The northwest wind blows in an uninterrupted stream off the open sea. It bends the beach grass and the pines to its will and scours the beach down to a hard pan depositing the excess grains in the dunes.

Great flocks of cormorants, scoters, and geese swoop and circle in looping joy rides. Their numbers are sufficient to announce their presence overhead by the rush of their wings even before I look up to see them.

Even though I park in a paved lot at the end of the road and mount a wooden observation tower, I am impressed that I am on the ragged edge between civilization and chaos. The tower platform sways in the wind. The waterfowl circle undeterred by human presence. A white surf line between yellow beach and blue ocean runs south to the hazy hulk of Tillamook Head.

The river bar to the north is a froth of white and silver-blue all the way to the dark green hulk of Cape Disappointment where Lewis and Clark first saw the Pacific Ocean in the fall of 1805 before they crossed over and spent a miserable wet winter a couple of miles east of where I am standing.

Clark mentioned the ceaseless roar of the ocean at the bar. He was right. I grew up with the sound of surf which typically consists of the “choo-thwack” of a breaking wave followed by the grumble and hiss of its surge and return on the sand. On calm days, there will be a lull before that cycle is repeated.

The sound at the mouth of the Columbia River is something unique. The Columbia has no delta to soften and absorb the crash of its entry to the sea. An average mass of 265,000 cubic feet per second of fresh water moving at a speed of eight knots sprays like the nozzle of a fire hose through the five mile-wide mouth into the oncoming Pacific tides. Neither ocean nor river will give way. The result is a constant maelstrom of churning currents and waves that frequently rise to 30 to 40 feet in height and higher in the worst winter storms. It issues an unceasing roar that is at once both exultant and terrifying in its raw and relentless power. I have never heard anything like it, as I walk along the beach at the end of the spit.

Engineers built a railroad out here in the 1890s to bring the 25 ton granite boulders necessary to construct the jetty. They didn’t count on the power of the winter sea to shift those boulders like one would move a couch in a living room. Finally, they put down enough rip-rap stone to hold the sand if not the sea.

This is the end of the Columbia River’s 1,200 mile journey from the Canadian Rockies. The river drains an area the size of France taking on water and silt from British Columbia, Washington, Idaho, Oregon, Montana, Wyoming ,Utah and Nevada along the way. The river has deposited enough sand along the jetty to extend the coast west more than a mile from where it was when Lewis and Clark were here.

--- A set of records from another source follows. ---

(* Let $q=p^k$ be an odd prime power and let $\alpha\in\mathbb{F}_{q^2}^*$ have multiplicative order $q+1$. Let $Q,R,S\in\{p^i:i\ge0\}$ and $N=Q+R+S$. Then $$x^{N}+\alpha^{R+S}x^{Q+q(R+S)}+\alpha^{Q+S}x^{R+q(Q+S)}+\alpha^{Q+R}x^{S+q(Q+R)}$$ is a permutation polynomial of $\mathbb{F}_{q^2}$ if and only if $\gcd(N,q-1)=1$.
   Context: A polynomial is a permutation polynomial of $\mathbb{F}_{q^2}$ if the map it induces on $\mathbb{F}_{q^2}$ is bijective. *)

From mathcomp Require Import all_boot all_order all_algebra all_field.
Set Implicit Arguments. Unset Strict Implicit. Unset Printing Implicit Defensive.
Import GRing.Theory.
Local Open Scope ring_scope.

Definition perm_poly (F : finFieldType) (P : {poly F}) : Prop :=
  bijective (fun x : F => P.[x]).

Definition thm_poly (F : finFieldType) (q Q R S : nat) (alpha : F) : {poly F} :=
  'X^(Q + R + S)
  + alpha ^+ (R + S) *: 'X^(Q + q * (R + S))
  + alpha ^+ (Q + S) *: 'X^(R + q * (Q + S))
  + alpha ^+ (Q + R) *: 'X^(S + q * (Q + R)).

From mathcomp Require Import all_boot all_order all_algebra all_field cyclic.
From mathcomp Require Import ring zify.
Import GRing.Theory.
Local Open Scope ring_scope.
Set Implicit Arguments. Unset Strict Implicit.

(* Put q = p ^ k and T x = alpha * x ^+ q.  As alpha ^+ q.+1 = 1, T is an
   F_q-semilinear involution of F, so F = g F_q + d F_q for eigenvectors
   T g = g and T d = - d.  With N = Q + R + S, additivity of the p-power maps
   gives 2 f(x) = (x + T x) ^+ N + (x - T x) ^+ N, hence
   2 f(g s + d t) = 2 ^+ N (g ^+ N s ^+ N + d ^+ N t ^+ N) for s, t in F_q.
   Since N is odd, g ^+ N and d ^+ N are again eigenvectors, for 1 and -1, of
   x |-> alpha ^+ N * x ^+ q, so f permutes F iff s |-> s ^+ N permutes F_q,
   i.e. iff gcd(N, q - 1) = 1. *)

Definition frob_fixed {R : pzRingType} (q : nat) := [pred s : R | s ^+ q == s].

Lemma pchar_natX (R : nzRingType) p n : p \in [pchar R] -> [pchar R].-nat (p ^ n)%N.
Proof.
by move=> pc; rewrite (eq_pnat _ (pcharf_eq pc)) pnatX pnat_id ?(pcharf_prime pc).
Qed.

Lemma pchar_odd_two_neq0 (R : nzRingType) p : p \in [pchar R] -> odd p -> (2 : R) != 0.
Proof.
move=> pc po; rewrite -(dvdn_pcharf pc) dvdn_prime2 ?(pcharf_prime pc) //.
by apply/eqP=> p2; rewrite p2 in po.
Qed.

Lemma finField_prim_root_exists (F : finFieldType) :
  exists z : F, #|F|.-1.-primitive_root z.
Proof.
have F1 := finNzRing_gt1 F.
have : has #|F|.-1.-primitive_root (enum (predC1 (0 : F))).
  apply: has_prim_root; rewrite ?enum_uniq -?cardE ?cardC1 -?subn1 ?subn_gt0 //.
  apply/allP=> x; rewrite mem_enum /= => x0; rewrite unity_rootE; apply/eqP.
  by apply: (mulIf x0); rewrite mul1r -exprSr subn1 prednK ?expf_card // ltnW.
by case/hasP=> z _; exists z.
Qed.

Lemma finField_exprn_onto (F : finFieldType) m n (c : F) :
  (m * n)%N = #|F|.-1 -> c ^+ n = 1 -> exists g : F, g ^+ m = c.
Proof.
move=> mn cn; have n0 : (0 < n)%N.
  by case: n mn {cn} => // /eqP; rewrite muln0 eq_sym -subn1 subn_eq0 leqNgt finNzRing_gt1.
have [z] := finField_prim_root_exists F; rewrite -mn => pz.
have [i ci] : {i : 'I_(m * n) | c = z ^+ i}.
  by apply: (prim_rootP pz); rewrite mulnC exprM cn expr1n.
move: cn; rewrite ci -exprM => /eqP; rewrite -(prim_order_dvd pz) dvdn_pmul2r //.
by case/dvdnP=> j ->; exists (z ^+ j); rewrite -exprM.
Qed.

Lemma exists_frob_eigenvector (F : finFieldType) q (beta : F) :
  #|F| = (q ^ 2)%N -> (1 < q)%N -> beta ^+ q.+1 = 1 -> exists2 g : F, g != 0 & beta * g ^+ q = g.
Proof.
move=> cardF q1 bq.
have b0 : beta != 0 by apply: contra_eq_neq bq => ->; rewrite expr0n eq_sym oner_neq0.
have [g gq] : exists g : F, g ^+ (q - 1) = beta^-1.
  by apply: (@finField_exprn_onto _ _ q.+1); rewrite ?exprVn ?bq ?invr1 // cardF; nia.
have g0 : g != 0.
  by apply: contra_eq_neq gq => ->; rewrite expr0n subn_eq0 leqNgt q1 eq_sym invr_eq0.
exists g => //; rewrite -[q in g ^+ q](subnK (ltnW q1)) exprD gq expr1.
by rewrite mulrA mulfV ?mul1r.
Qed.

Section FrobeniusEigenbasis.

Variables (F : fieldType) (q : nat) (alpha g d : F).
Hypotheses (qnat : [pchar F].-nat q) (two_neq0 : (2 : F) != 0).
Hypotheses (g_neq0 : g != 0) (d_neq0 : d != 0).
Hypotheses (alpha_g : alpha * g ^+ q = g) (alpha_d : alpha * d ^+ q = - d).

Lemma frob_eigen_coord_inj (a1 b1 a2 b2 : F) :
  a1 \in frob_fixed q -> b1 \in frob_fixed q ->
  a2 \in frob_fixed q -> b2 \in frob_fixed q ->
  g * a1 + d * b1 = g * a2 + d * b2 -> a1 = a2 /\ b1 = b2.
Proof.
rewrite !inE => /eqP a1_fixed /eqP b1_fixed /eqP a2_fixed /eqP b2_fixed E.
have E' : g * a1 - d * b1 = g * a2 - d * b2.
  have := congr1 (fun x => alpha * x ^+ q) E; rewrite /= !exprDn_pchar // !exprMn.
  by rewrite a1_fixed b1_fixed a2_fixed b2_fixed !mulrDr !mulrA alpha_g alpha_d !mulNr.
have Ea : 2 * (g * a1) = 2 * (g * a2).
  transitivity ((g * a1 + d * b1) + (g * a1 - d * b1)); first by ring.
  by rewrite E E'; ring.
have a12 : a1 = a2 by apply: (mulfI g_neq0); apply: (mulfI two_neq0).
by split=> //; move: E; rewrite a12 => /addrI /(mulfI d_neq0).
Qed.

Hypotheses (frobK : forall x : F, x ^+ q ^+ q = x) (alpha_q1 : alpha ^+ q.+1 = 1).

Lemma frob_eigen_decomp (x : F) :
  exists s, exists2 t, s \in frob_fixed q /\ t \in frob_fixed q & x = g * s + d * t.
Proof.
have alpha_neq0 : alpha != 0.
  by apply: contra_eq_neq alpha_q1 => ->; rewrite expr0n eq_sym oner_neq0.
have alpha_q : alpha ^+ q = alpha^-1.
  by apply: (mulIf alpha_neq0); rewrite -exprSr alpha_q1 mulVf.
have g_q : g ^+ q = alpha^-1 * g by rewrite -{2}alpha_g mulKf.
have d_q : d ^+ q = - (alpha^-1 * d) by rewrite -mulrN -alpha_d mulKf.
have two_q : (2 : F) ^+ q = 2 by rewrite exprDn_pchar // expr1n.
exists ((x + alpha * x ^+ q) / (2 * g)); exists ((x - alpha * x ^+ q) / (2 * d)).
- rewrite !inE; split; apply/eqP; rewrite !exprMn !exprVn exprDn_pchar // !exprMn.
  + by rewrite frobK alpha_q g_q two_q; field; rewrite g_neq0 two_neq0 alpha_neq0.
  + rewrite exprNn_pchar // exprMn frobK alpha_q d_q two_q.
    by field; rewrite oppr_eq0 d_neq0 two_neq0 alpha_neq0.
- by field; rewrite d_neq0 g_neq0 two_neq0.
Qed.

End FrobeniusEigenbasis.

Lemma frob_fixed_expr_injP (F : finFieldType) q N :
  (0 < N)%N -> (1 < q)%N -> (q - 1 %| #|F|.-1)%N ->
  {in frob_fixed q &, injective (fun s : F => s ^+ N)} <-> gcdn N (q - 1) = 1%N.
Proof.
move=> N_gt0 q_gt1 q1F; have q1E x : x ^+ q = x ^+ (q - 1) * x.
  by rewrite -exprSr subn1 prednK // ltnW.
split=> [injN | gN s t].
- apply/eqP; apply: contraT => gN1; set e := gcdn N (q - 1) in gN1.
  have e_gt1 : (1 < e)%N by rewrite ltn_neqAle eq_sym gN1 gcdn_gt0 N_gt0.
  have [z pz] := finField_prim_root_exists F.
  have /(dvdn_prim_root pz) pzeta : (e %| #|F|.-1)%N := dvdn_trans (dvdn_gcdr _ _) q1F.
  set zeta := z ^+ _ in pzeta.
  have zeta_q1 : zeta ^+ (q - 1) = 1.
    by apply/eqP; rewrite -(prim_order_dvd pzeta) dvdn_gcdr.
  have zeta_fixed : zeta \in frob_fixed q by rewrite inE q1E zeta_q1 mul1r.
  have zetaN : zeta ^+ N = 1 ^+ N.
    by apply/eqP; rewrite expr1n -(prim_order_dvd pzeta) dvdn_gcdl.
  have zeta1 : zeta = 1 by apply: injN; rewrite // inE expr1n.
  by have := eq_prim_root_expr pzeta 1 0; rewrite expr1 expr0 zeta1 eqxx modn_small ?mod0n.
- rewrite !inE => /eqP s_fixed /eqP t_fixed /= st_N.
  have [t0 | t_neq0] := eqVneq t 0.
    by move/eqP: st_N; rewrite t0 expr0n gtn_eqF //= expf_eq0 N_gt0 => /eqP.
  have rN : (s / t) ^+ N = 1 by rewrite exprMn exprVn st_N divff // expf_neq0.
  have r_neq0 : s / t != 0.
    by apply: contra_eq_neq rN => ->; rewrite expr0n gtn_eqF //= eq_sym oner_neq0.
  have rq : (s / t) ^+ (q - 1) = 1.
    by apply: (mulIf r_neq0); rewrite -q1E mul1r exprMn exprVn s_fixed t_fixed.
  have [m pr mN] := prim_order_exists N_gt0 rN.
  have : (m %| 1)%N by rewrite -gN dvdn_gcd mN (prim_order_dvd pr) rq eqxx.
  by rewrite dvdn1 => /eqP m1; apply: divr1_eq; have := prim_expr_order pr; rewrite m1.
Qed.

Lemma thm_poly_double (F : finFieldType) q Q R S (alpha x : F) :
  [pchar F].-nat Q -> [pchar F].-nat R -> [pchar F].-nat S ->
  let y := alpha * x ^+ q in
  2 * (thm_poly q Q R S alpha).[x] = (x + y) ^+ (Q + R + S) + (x - y) ^+ (Q + R + S).
Proof.
move=> hQ hR hS y.
have -> : (thm_poly q Q R S alpha).[x] =
    x ^+ Q * x ^+ R * x ^+ S + x ^+ Q * y ^+ R * y ^+ S
    + y ^+ Q * x ^+ R * y ^+ S + y ^+ Q * y ^+ R * x ^+ S.
  by rewrite /y /thm_poly !hornerE !exprD !exprM !exprD !exprMn; ring.
by rewrite !exprD !exprDn_pchar // !exprNn_pchar //; ring.
Qed.

Section PermutationCriterion.

Variables (F : finFieldType) (q Q R S : nat) (alpha g d : F).
Hypotheses (qnat : [pchar F].-nat q) (two_neq0 : (2 : F) != 0).
Hypotheses (g_neq0 : g != 0) (d_neq0 : d != 0).
Hypotheses (alpha_g : alpha * g ^+ q = g) (alpha_d : alpha * d ^+ q = - d).
Hypotheses (frobK : forall x : F, x ^+ q ^+ q = x) (alpha_q1 : alpha ^+ q.+1 = 1).
Hypotheses (Qnat : [pchar F].-nat Q) (Rnat : [pchar F].-nat R) (Snat : [pchar F].-nat S).
Hypothesis N_odd : odd (Q + R + S).

Local Notation N := (Q + R + S)%N.
Local Notation f := (thm_poly q Q R S alpha).

Lemma thm_poly_eigen (s t : F) : s \in frob_fixed q -> t \in frob_fixed q ->
  2 * f.[g * s + d * t] = 2 ^+ N * (g ^+ N * s ^+ N + d ^+ N * t ^+ N).
Proof.
rewrite !inE => /eqP s_fixed /eqP t_fixed; rewrite thm_poly_double //.
have -> : alpha * (g * s + d * t) ^+ q = g * s - d * t.
  by rewrite exprDn_pchar // !exprMn s_fixed t_fixed mulrDr !mulrA alpha_g alpha_d mulNr.
have -> : g * s + d * t + (g * s - d * t) = 2 * (g * s) by ring.
have -> : g * s + d * t - (g * s - d * t) = 2 * (d * t) by ring.
by rewrite !exprMn mulrDr.
Qed.

Lemma perm_thm_polyP :
  perm_poly f <-> {in frob_fixed q &, injective (fun s : F => s ^+ N)}.
Proof.
have fixed0 : (0 : F) \in frob_fixed q.
  by case/andP: qnat => q_gt0 _; rewrite inE -(prednK q_gt0) exprS mul0r.
split=> [/bij_inj f_inj s t s_fixed t_fixed /= st_N | injN].
  have : g * s + d * 0 = g * t + d * 0.
    by apply: f_inj; apply: (mulfI two_neq0); rewrite /= !thm_poly_eigen // st_N.
  by rewrite !mulr0 !addr0 => /(mulfI g_neq0).
have decomp := frob_eigen_decomp qnat two_neq0 g_neq0 d_neq0 alpha_g alpha_d frobK alpha_q1.
apply: injF_bij => x1 x2 /= /(congr1 (fun w => 2 * w)) /=.
have [s1 [t1 [s1_fixed t1_fixed] ->]] := decomp x1.
have [s2 [t2 [s2_fixed t2_fixed] ->]] := decomp x2.
rewrite !thm_poly_eigen // => /(mulfI (expf_neq0 _ two_neq0)) E.
have alpha_gN : alpha ^+ N * (g ^+ N) ^+ q = g ^+ N by rewrite exprAC -exprMn alpha_g.
have alpha_dN : alpha ^+ N * (d ^+ N) ^+ q = - d ^+ N.
  by rewrite exprAC -exprMn alpha_d exprNn -signr_odd N_odd mulN1r.
have fixedN (s : F) : s \in frob_fixed q -> s ^+ N \in frob_fixed q.
  by rewrite !inE exprAC => /eqP ->.
have [/injN-> // /injN-> //] := frob_eigen_coord_inj qnat two_neq0
  (expf_neq0 _ g_neq0) (expf_neq0 _ d_neq0) alpha_gN alpha_dN
  (fixedN _ s1_fixed) (fixedN _ t1_fixed) (fixedN _ s2_fixed) (fixedN _ t2_fixed) E.
Qed.

End PermutationCriterion.

Theorem mainTheorem11 (F : finFieldType) (p k : nat) (alpha : F) (Q R S : nat) :
  prime p -> odd p -> (0 < k)%N ->
  #|F| = ((p ^ k) ^ 2)%N ->
  (p ^ k).+1.-primitive_root alpha ->
  (exists i, Q = (p ^ i)%N) -> (exists i, R = (p ^ i)%N) -> (exists i, S = (p ^ i)%N) ->
  (perm_poly (thm_poly (p ^ k) Q R S alpha) <->
   gcdn (Q + R + S) ((p ^ k) - 1) = 1%N).
Proof.
move=> p_prime p_odd k_gt0 cardF alpha_prim [a ->] [b ->] [e ->].
have pc : p \in [pchar F] by apply: (@card_finPcharP _ _ (k * 2)); rewrite ?expnM.
have pnatX i : [pchar F].-nat (p ^ i)%N := pchar_natX i pc.
set q := (p ^ k)%N in cardF alpha_prim *.
have q_gt1 : (1 < q)%N by rewrite -(expn0 p) ltn_exp2l ?prime_gt1.
have q_odd : odd q by rewrite oddX p_odd orbT.
have frobK (x : F) : x ^+ q ^+ q = x by rewrite -exprM mulnn -cardF expf_card.
have alpha_q1 := prim_expr_order alpha_prim.
have [g g_neq0 alpha_g] := exists_frob_eigenvector cardF q_gt1 alpha_q1.
have [d d_neq0 alpha_d] : exists2 d : F, d != 0 & - alpha * d ^+ q = d.
  by apply: exists_frob_eigenvector; rewrite // exprNn -signr_odd /= q_odd mul1r.
have {}alpha_d : alpha * d ^+ q = - d by apply: oppr_inj; rewrite opprK -mulNr.
have N_odd : odd (p ^ a + p ^ b + p ^ e) by rewrite !oddD !oddX p_odd !orbT.
rewrite (perm_thm_polyP (pnatX k) (pchar_odd_two_neq0 pc p_odd) g_neq0 d_neq0 alpha_g
  alpha_d frobK alpha_q1 (pnatX a) (pnatX b) (pnatX e) N_odd).
apply: frob_fixed_expr_injP => //; first exact: odd_gt0.
by rewrite cardF (_ : (q ^ 2).-1 = (q - 1) * q.+1)%N ?dvdn_mulr //; nia.
Qed.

The beauty of this place is treacherous. There have been approximately 2,000 shipwrecks recorded in this vicinity because of the rough surf and shifting shoals and sand bars. Every ship sunk represents a dream defeated, a mission failed, a plan frustrated. Many lives and fortunes have been lost since the intrepid American mariner, Robert Gray, took his ship, the Columbia Rediviva, safely across the bar in 1792 and gave the river its name.

Even with that danger, large commercial vessels make their way in or out across the bar approximately 4,000 times a year. They carry out the wealth of the inland forests, farms and factories in trade for the products of the Pacific Rim. Portland is a major Pacific port some 100 miles upstream from here.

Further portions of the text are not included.